Myricetin 3-O-beta-D-glucopyranoside

Evid Based Complement Alternat Med. 2014;2014:283938.

Antioxidant activities and phytochemicals of leaf extracts from 10 native rhododendron species in taiwan.[Pubmed: 24987425 ]

Rhododendron, one of the most famous ornamental plants in the world, is traditionally a medicinal plant. However, the potential bioactivities of native Rhododendron in Taiwan have not been completely studied.
METHODS AND RESULTS:
In this study, the results revealed that Rhododendron pseudochrysanthum exhibited the best antioxidant activities among 10 native Rhododendron species in Taiwan. Furthermore, based on a bioactivity-guided isolation principle, nine specific phytochemicals were isolated and identified as (2R,3S)-catechin (1), (2R,3R)-epicatechin (1'), (2R,3R)-dihydromyricetin 3-O- β -l-arabinopyranoside (2), (2S,3S)-taxifolin 3-O- β -l-arabinopyranoside (2'), (2R,3R)-taxifolin 3-O- β -l-arabinopyranoside (3), Myricetin 3-O-beta-D-glucopyranoside(3'), rutin (4), hyperoside (5), and quercitrin (6). Of these compounds, 2 and 3 were found to be major bioactive compounds, and their concentrations in the n-butanol (BuOH) fraction were determined to be 52.0 and 67.3 mg per gram, respectively.
CONCLUSIONS:
These results demonstrated that methanolic extracts of Rhododendron pseudochrysanthum leaves have excellent antioxidant activities and great potential as a source for natural health products.
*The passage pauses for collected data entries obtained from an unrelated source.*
(* Let $T$ be a tree on $n\ge 2$ vertices. Then ${\rm mvr}(\overline{T})=2$ if $T=K_{1,n-1}$ (a star), and ${\rm mvr}(\overline{T})=3$ otherwise.
   Context: All graphs are finite and simple; $\overline{G}$ denotes the complement of $G$. An orthogonal vector representation of a graph $G=(V,E)$ in $\mathbb{R}^d$ is a map $\phi:V\to\mathbb{R}^d$ with $\phi(v)\neq 0$ for all $v$, and for distinct $u,v$: $\langle\phi(u),\phi(v)\rangle=0$ if and only if $uv\notin E$. ${\rm mvr}(G)$ is the smallest $d$ for which such a representation exists. *)

From HB Require Import structures.
From mathcomp Require Import all_boot all_order all_algebra.
From mathcomp Require Import Rstruct.
From Stdlib Require Rdefinitions.
Set Implicit Arguments. Unset Strict Implicit. Unset Printing Implicit Defensive.
Import Order.TTheory GRing.Theory Num.Theory.
Local Open Scope ring_scope.

Definition simple_graph (V : finType) (e : rel V) : Prop :=
  symmetric e /\ irreflexive e.

Definition compl (V : finType) (e : rel V) : rel V :=
  [rel x y | (x != y) && ~~ e x y].

Definition connected_graph (V : finType) (e : rel V) : Prop :=
  forall x y : V, connect e x y.
Definition acyclic_graph (V : finType) (e : rel V) : Prop :=
  forall c : seq V, (3 <= size c)%nat -> ~~ ucycleb e c.
Definition is_tree (V : finType) (e : rel V) : Prop :=
  connected_graph e /\ acyclic_graph e.

(* G is (isomorphic to) the star K_{1,|V|-1}: some centre c such that
   the edges are exactly the pairs {c, v} with v <> c. *)
Definition is_star (V : finType) (e : rel V) : Prop :=
  exists c : V, forall u v : V, e u v = (u != v) && ((u == c) || (v == c)).

Definition dotR (d : nat) (x y : 'rV[Rdefinitions.R]_d) : Rdefinitions.R := \sum_(i < d) x 0 i * y 0 i.

Definition orth_rep (V : finType) (e : rel V) (d : nat) (phi : V -> 'rV[Rdefinitions.R]_d)
  : Prop :=
  (forall v, phi v != 0) /\
  (forall u v, u != v -> (dotR (phi u) (phi v) == 0) = ~~ e u v).

Definition has_orth_rep (V : finType) (e : rel V) (d : nat) : Prop :=
  exists phi : V -> 'rV[Rdefinitions.R]_d, orth_rep e phi.

Definition mvr_eq (V : finType) (e : rel V) (k : nat) : Prop :=
  has_orth_rep e k /\ (forall d, has_orth_rep e d -> (k <= d)%N).

(* A star has complement K_1 + K_{n-1}, represented in R^2 by one unit vector for
   the centre and an orthogonal one for the leaves; an edge uv of the tree forces
   phi u and phi v to be orthogonal, which is impossible in dimension 1.
   In R^2 two vectors orthogonal to a common nonzero vector are parallel.  Hence,
   in a representation of the complement of a tree, orthogonality propagates along
   the edges and every vertex is orthogonal to u or to v; unless u or v is the
   centre of a star this yields a 4-cycle u v p q.
   In R^3 the representation is built leaf by leaf, keeping the images pairwise
   non-parallel: the vector of a new leaf is taken on a line in the plane
   orthogonal to its neighbour's vector, avoiding the finitely many points where it
   would be orthogonal or parallel to another image. *)

From mathcomp Require Import all_boot all_order all_algebra.
From mathcomp Require Import Rstruct ring lra zify.
From Stdlib Require Import Classical.
Set Implicit Arguments. Unset Strict Implicit. Unset Printing Implicit Defensive.
Import Order.TTheory GRing.Theory Num.Theory.
Local Open Scope ring_scope.

Local Notation R := Rdefinitions.R.

Lemma exists_notin (r : seq R) : exists t, t \notin r.
Proof.
suff lt_bound x : x \in r -> x < 1 + \sum_(y <- r) `|y|.
  by exists (1 + \sum_(y <- r) `|y|); apply/negP => /lt_bound; rewrite ltxx.
elim: r => [//|y r IH]; rewrite inE big_cons => /orP[/eqP->|/IH x_lt].
- have : 0 <= \sum_(z <- r) `|z| by rewrite sumr_ge0.
  by have := ler_norm y; lra.
- have := normr_ge0 y; lra.
Qed.

Lemma finite_roots_of_uniq (P : R -> Prop) :
  (forall t1 t2, P t1 -> P t2 -> t1 = t2) -> exists r : seq R, forall t, P t -> t \in r.
Proof.
move=> uniqP; have [[t0 Pt0]|noP] := classic (exists t, P t).
- by exists [:: t0] => t Pt; rewrite inE (uniqP _ _ Pt Pt0).
- by exists [::] => t Pt; case: noP; exists t.
Qed.

Lemma exists_avoiding (I : finType) (P : I -> R -> Prop) :
  (forall i, exists r : seq R, forall t, P i t -> t \in r) -> exists t, forall i, ~ P i t.
Proof.
move=> finP.
suff [r covr] : exists r : seq R, forall i, i \in enum I -> forall t, P i t -> t \in r.
  have [t tr] := exists_notin r; exists t => i Pit.
  by have := covr i; rewrite mem_enum => /(_ isT t Pit) tr'; rewrite tr' in tr.
elim: (enum I) => [|i s [r covr]]; first by exists [::].
have [ri covi] := finP i; exists (ri ++ r) => j; rewrite inE.
by case/orP => [/eqP-> t /covi|/covr cov t /cov] tin; rewrite mem_cat tin ?orbT.
Qed.

Lemma affine_eq0 (K : fieldType) (M : lmodType K) (p q : M) (t1 t2 : K) :
  t1 != t2 -> p + t1 *: q = 0 -> p + t2 *: q = 0 -> p = 0 /\ q = 0.
Proof.
move=> t12 E1 E2.
have /eqP : (t1 - t2) *: q = 0.
  by apply/eqP; rewrite scalerBl subr_eq0 -(inj_eq (addrI p)) E1 E2.
rewrite scaler_eq0 subr_eq0 (negbTE t12) => /eqP q0.
by move: E1; rewrite q0 scaler0 addr0.
Qed.

Lemma dotRC d (x y : 'rV[R]_d) : dotR x y = dotR y x.
Proof. by apply: eq_bigr => i _; rewrite mulrC. Qed.

Lemma dotR0 d (x : 'rV[R]_d) : dotR 0 x = 0.
Proof. by rewrite /dotR big1 // => i _; rewrite mxE mul0r. Qed.

Lemma dotR_combl d (x y z : 'rV[R]_d) (t : R) :
  dotR (x + t *: y) z = dotR x z + t * dotR y z.
Proof.
by rewrite /dotR mulr_sumr -big_split; apply: eq_bigr => i _; rewrite !mxE mulrDl mulrA.
Qed.

Lemma dotR_self_eq0 d (x : 'rV[R]_d) : (dotR x x == 0) = (x == 0).
Proof.
apply/idP/eqP => [/eqP x0|->]; last by rewrite dotR0.
apply/rowP => i; rewrite mxE; apply/eqP; rewrite -sqrf_eq0 expr2; apply/eqP.
by apply: (psumr_eq0P _ x0) => // j _; rewrite -expr2 sqr_ge0.
Qed.

Definition vec3 (a b c : R) : 'rV[R]_3 := \row_(i < 3) nth 0 [:: a; b; c] i.

Definition cross (x y : 'rV[R]_3) : 'rV[R]_3 :=
  vec3 (x 0 1 * y 0 2 - x 0 2 * y 0 1) (x 0 2 * y 0 0 - x 0 0 * y 0 2)
       (x 0 0 * y 0 1 - x 0 1 * y 0 0).

Lemma rV3P (x y : 'rV[R]_3) : x 0 0 = y 0 0 -> x 0 1 = y 0 1 -> x 0 2 = y 0 2 -> x = y.
Proof.
move=> E0 E1 E2; apply/rowP => -[[|[|[|//]]] lt_i3].
- by rewrite (_ : Ordinal lt_i3 = 0) //; apply: val_inj.
- by rewrite (_ : Ordinal lt_i3 = 1) //; apply: val_inj.
- by rewrite (_ : Ordinal lt_i3 = 2) //; apply: val_inj.
Qed.

Lemma vec3_eq0 a b c : (vec3 a b c == 0) = [&& a == 0, b == 0 & c == 0].
Proof.
apply/eqP/and3P => [/rowP E|[/eqP-> /eqP-> /eqP->]]; last by apply: rV3P; rewrite !mxE.
by move: (E 0) (E 1) (E 2); rewrite !mxE /= => -> -> ->.
Qed.

Lemma dotR3E (x y : 'rV[R]_3) : dotR x y = x 0 0 * y 0 0 + x 0 1 * y 0 1 + x 0 2 * y 0 2.
Proof.
rewrite /dotR !big_ord_recr big_ord0 /= add0r.
by congr (_ * _ + _ * _ + _ * _); congr (_ 0 _); apply: val_inj.
Qed.

Lemma cross_anti x y : cross y x = - cross x y.
Proof. by apply: rV3P; rewrite !mxE /=; ring. Qed.

Lemma cross_combl (b c w : 'rV[R]_3) t : cross (b + t *: c) w = cross b w + t *: cross c w.
Proof. by apply: rV3P; rewrite !mxE /=; ring. Qed.

Lemma crossZr (x y : 'rV[R]_3) t : cross x (t *: y) = t *: cross x y.
Proof. by apply: rV3P; rewrite !mxE /=; ring. Qed.

Lemma dotR_crossl x y : dotR x (cross x y) = 0.
Proof. by rewrite dotR3E !mxE /=; ring. Qed.

Lemma dotR_crossr x y : dotR y (cross x y) = 0.
Proof. by rewrite dotR3E !mxE /=; ring. Qed.

Lemma dotR_cross x y z w :
  dotR (cross x y) (cross z w) = dotR x z * dotR y w - dotR x w * dotR y z.
Proof. by rewrite !dotR3E !mxE /=; ring. Qed.

Lemma cross_cross x y z : cross x (cross y z) = dotR x z *: y - dotR x y *: z.
Proof. by apply: rV3P; rewrite !dotR3E !mxE /=; ring. Qed.

Lemma cross_orth_eq0 x y : dotR x y = 0 -> (cross x y == 0) = (x == 0) || (y == 0).
Proof.
move=> xy; rewrite -!dotR_self_eq0 -mulf_eq0.
by rewrite dotR_cross (dotRC y) xy mulr0 subr0.
Qed.

Lemma comb_neq0 d (b c : 'rV[R]_d) t : dotR b c = 0 -> b != 0 -> b + t *: c != 0.
Proof.
move=> bc b0; apply/eqP => bc0.
have /esym/eqP := dotR_combl b c b t.
by rewrite bc0 dotR0 (dotRC c) bc mulr0 addr0 dotR_self_eq0 (negbTE b0).
Qed.

Lemma cross_comb_root_uniq (b c w : 'rV[R]_3) :
  dotR b c = 0 -> b != 0 -> c != 0 -> w != 0 ->
  forall t1 t2, cross (b + t1 *: c) w = 0 -> cross (b + t2 *: c) w = 0 -> t1 = t2.
Proof.
move=> bc b0 c0 w0 t1 t2; rewrite !cross_combl => E1 E2.
have [//|t12] := eqVneq t1 t2.
have [bw cw] := affine_eq0 t12 E1 E2.
have /eqP := dotR_cross b w c w; rewrite bw cw dotR0 bc mul0r sub0r eq_sym oppr_eq0 mulf_eq0.
case/orP => /eqP orth.
- by move/eqP: bw; rewrite cross_orth_eq0 // (negbTE b0) (negbTE w0).
- by move/eqP: cw; rewrite cross_orth_eq0 1?dotRC // (negbTE c0) (negbTE w0).
Qed.

Lemma orth_pair_parallel (a b w : 'rV[R]_3) :
  b != 0 -> dotR a b = 0 -> dotR w b = 0 -> dotR w (cross a b) = 0 -> cross w a = 0.
Proof.
move=> b0 ab wb wc.
(* [b × (a × b) = |b|^2 a], and [w] is parallel to [b × (a × b)]. *)
have /eqP : cross w (cross b (cross a b)) = 0 by rewrite cross_cross wc wb !scale0r subrr.
rewrite [cross b _]cross_cross (dotRC b a) ab scale0r subr0 crossZr scaler_eq0 dotR_self_eq0.
by rewrite (negbTE b0) => /eqP.
Qed.

Lemma exists_orth_neq0 (a : 'rV[R]_3) : exists2 b, b != 0 & dotR a b = 0.
Proof.
have [a01|a_neq] := boolP ((a 0 0 == 0) && (a 0 1 == 0)).
- exists (vec3 1 0 0); first by rewrite vec3_eq0 oner_eq0.
  by case/andP: a01 => /eqP a0 _; rewrite dotR3E !mxE /= a0; ring.
- exists (vec3 (- a 0 1) (a 0 0) 0); last by rewrite dotR3E !mxE /=; ring.
  by rewrite vec3_eq0 oppr_eq0 eqxx andbT andbC.
Qed.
J Pharm Pharmacol. 2006 Jul;58(7):981-8.

An extract of Lannea microcarpa: composition, activity and evaluation of cutaneous irritation in cell cultures and reconstituted human epidermis.[Pubmed: 16805959]

Lannea microcarpa (Anacardiaceae) is a tropical tree used in African folk medicine and commercial dermopharmaceutical formulations.
METHODS AND RESULTS:
Fractionation and analysis of its polar extract allowed the identification of 4'-methoxy-myricetin 3-O-alpha-L-rhamnopyranoside, myricetin 3-O-alpha-L-rhamnopyranoside, Myricetin 3-O-beta-D-glucopyranoside, vitexin, isovitexin, gallic acid and epi-catechin, as the major constituents. In-vivo assay (the croton oil ear test in mice) showed that the extract had significant anti-inflammatory effect (ID50 = 900 microg cm(-2)) but ten times lower than that of indometacin (ID50 = 93 microg cm(-2)), the non-steroidal anti-inflammatory drug used as reference. Cytotoxicity and cutaneous irritation of the extract and its constituents were investigated.
CONCLUSIONS:
The crude extract and its major components did not affect cell viability in-vitro either in three different cultures (J774. A1, WEHI-164 and HEK-293) of cells grown in monolayers or in the reconstituted human epidermis (RHE, 3D model), nor did they cause release of pro-inflammatory mediators (IL-1alpha) or histomorphological modification of RHE.